§ Records for this exercise:
-=-=-
(* Let $X$ be a topologically complete space and $\mathcal A$ a family of closed, locally finite, normal covers of $X$ satisfying conditions (I) and (II), and let $\Lambda$, $\mathrm{cov}_\lambda$, $F_\lambda$, $F_\infty$, $\wedge$ be as in the context. Then: (1) for each open subset $U$ of $X$, each $x\in U$ and each positive integer $n$, there exists $\lambda\in\Lambda$ such that $\bigcup\mathrm{star}^n_{\mathrm{cov}_\lambda}(x)\subset U$; (2) for each $z\in F_\infty$, the set $\bigcap_{\lambda\in\Lambda}\wedge z(\lambda)$ consists of exactly one point.
   Context: A topologically complete space is a Tychonoff space complete with respect to its finest uniformity. A closed, locally finite, normal cover $\alpha$ of $X$ is a locally finite cover by closed sets admitting a partition of unity $\{\phi_{\alpha,V}:V\in\alpha\}$ with $\mathrm{cl}(\phi_{\alpha,V}^{-1}((0,1]))\subset\mathrm{int}(V)$, $\sum_V\phi_{\alpha,V}=1$. For a cover $\alpha$ and $S\subset X$: $\mathrm{star}_\alpha(S)=\{V\in\alpha:V\cap S\neq\emptyset\}$, $\mathrm{star}^1_\alpha=\mathrm{star}_\alpha$, $\mathrm{star}^{n+1}_\alpha(S)=\{V\in\alpha:\ V\cap W\neq\emptyset\text{ for some }W\in\mathrm{star}^n_\alpha(S)\}$; $\mathrm{star}_\alpha(x)=\mathrm{star}_\alpha(\{x\})$; $\bigcup$ of a collection is the union of its members. Conditions: (I) for each open $U\subset X$ and $x\in U$ there is $\alpha\in\mathcal A$ with $\bigcup\mathrm{star}_\alpha(x)\subset U$; (II) if $f(\alpha)\in\alpha$ is chosen for each $\alpha\in\mathcal A$ and $\{f(\alpha)\}$ has the finite intersection property, then $\bigcap_\alpha f(\alpha)\neq\emptyset$. Construction: $\Lambda$ is the set of finite subsets of $\mathcal A$ directed by inclusion. For $\lambda\in\Lambda$, $N^{(0)}_\lambda$ is the set of functions $v$ on $\lambda$ with $v(\alpha)\in\alpha$ for all $\alpha\in\lambda$ and $\wedge v:=\bigcap_{\alpha\in\lambda}v(\alpha)\neq\emptyset$ (empty intersection meaning $X$); $\mathrm{cov}_\lambda=\{\wedge v: v\in N^{(0)}_\lambda\}$. $F_\lambda$ is the simplicial complex (weak topology) with vertex set $N^{(0)}_\lambda$ in which a finite set $\{v_1,\dots,v_k\}$ spans a simplex iff $\wedge v_i\cap\wedge v_j\neq\emptyset$ for all $i,j$. For $\lambda\subset\mu$, $\pi^\mu_\lambda:F_\mu\to F_\lambda$ is the simplicial map sending each vertex $v$ to its restriction $v|_\lambda$. $F_\infty=\varprojlim(F_\lambda,\pi^\mu_\lambda;\Lambda)$ with projections $\pi_\lambda$, and $z(\lambda)=\pi_\lambda(z)$. For $a\in F_\lambda$, $\sigma_\lambda(a)$ denotes the unique simplex of $F_\lambda$ containing $a$ in its interior (all barycentric coordinates positive), and $\wedge a=\bigcap\{\wedge v: v\text{ a vertex of }\sigma_\lambda(a)\}$ (possibly empty). *)

From mathcomp Require Import all_boot all_order all_algebra.
From mathcomp Require Import all_classical all_reals all_analysis.
From mathcomp Require Import Rstruct Rstruct_topology.
Set Implicit Arguments. Unset Strict Implicit. Unset Printing Implicit Defensive.
Import Order.TTheory GRing.Theory Num.Theory.
Local Open Scope classical_set_scope.
Local Open Scope ring_scope.

Definition Rr : realType := Rdefinitions.R.

Section Defs.
Variable X : topologicalType.

Definition tychonoff : Prop :=
  (forall x y : X, x <> y -> exists U : set X, open U /\ U x /\ ~ U y) /\
  (forall (B : set X) (x : X), closed B -> ~ B x ->
     exists f : X -> Rr, continuous f /\ (forall y, 0 <= f y <= 1) /\
       f x = 0 /\ (forall y, B y -> f y = 1)).

(** Continuous pseudometrics; they generate the finest (universal) uniformity. *)
Definition cont_pseudometric (d : X -> X -> Rr) : Prop :=
  (forall x y, 0 <= d x y) /\ (forall x, d x x = 0) /\
  (forall x y, d x y = d y x) /\ (forall x y z, d x z <= d x y + d y z) /\
  continuous (fun p : (X * X)%type => d p.1 p.2).

Definition fine_cauchy (F : set_system X) : Prop :=
  forall d, cont_pseudometric d -> forall e : Rr, 0 < e ->
    exists B, F B /\ (forall x y, B x -> B y -> d x y < e).

Definition topologically_complete : Prop :=
  tychonoff /\
  forall F : set_system X, ProperFilter F -> fine_cauchy F ->
    exists x : X, nbhs x `<=` F.

Definition locally_finite (al : set (set X)) : Prop :=
  forall x : X, exists U : set X, open U /\ U x /\
    finite_set [set V | al V /\ (V `&` U) !=set0].

Definition closed_lf_normal_cover (al : set (set X)) : Prop :=
  (forall x : X, exists V, al V /\ V x) /\
  (forall V, al V -> closed V) /\
  locally_finite al /\
  exists phi : set X -> X -> Rr,
    (forall V, al V -> continuous (phi V)) /\
    (forall V x, al V -> 0 <= phi V x) /\
    (forall V, al V -> closure [set x | 0 < phi V x <= 1] `<=` interior V) /\
    (forall x, \sum_(V \in al) phi V x = 1).

(** star_al(S) and iterated stars; starn al 0 S = [set S], so starn al 1 = star. *)
Definition star (al : set (set X)) (S : set X) : set (set X) :=
  [set V | al V /\ (V `&` S) !=set0].

Fixpoint starn (al : set (set X)) (n : nat) (S : set X) : set (set X) :=
  match n with
  | 0%N => [set S]
  | n'.+1 => [set V | al V /\ exists W, starn al n' S W /\ (V `&` W) !=set0]
  end.

Definition condI (A : set (set (set X))) : Prop :=
  forall (U : set X) (x : X), open U -> U x ->
    exists al, A al /\ \bigcup_(V in star al [set x]) V `<=` U.

Definition in_Lambda (A : set (set (set X))) (l : set (set (set X))) : Prop :=
  finite_set l /\ l `<=` A.

Definition condII (A : set (set (set X))) : Prop :=
  forall f : set (set X) -> set X,
    (forall al, A al -> al (f al)) ->
    (forall l, in_Lambda A l -> (\bigcap_(al in l) f al) !=set0) ->
    (\bigcap_(al in A) f al) !=set0.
-=-=-
§ About this exercise: Going through the data above, count each line that contains "exists" and give only that figure.

§ Solution to the problem: 10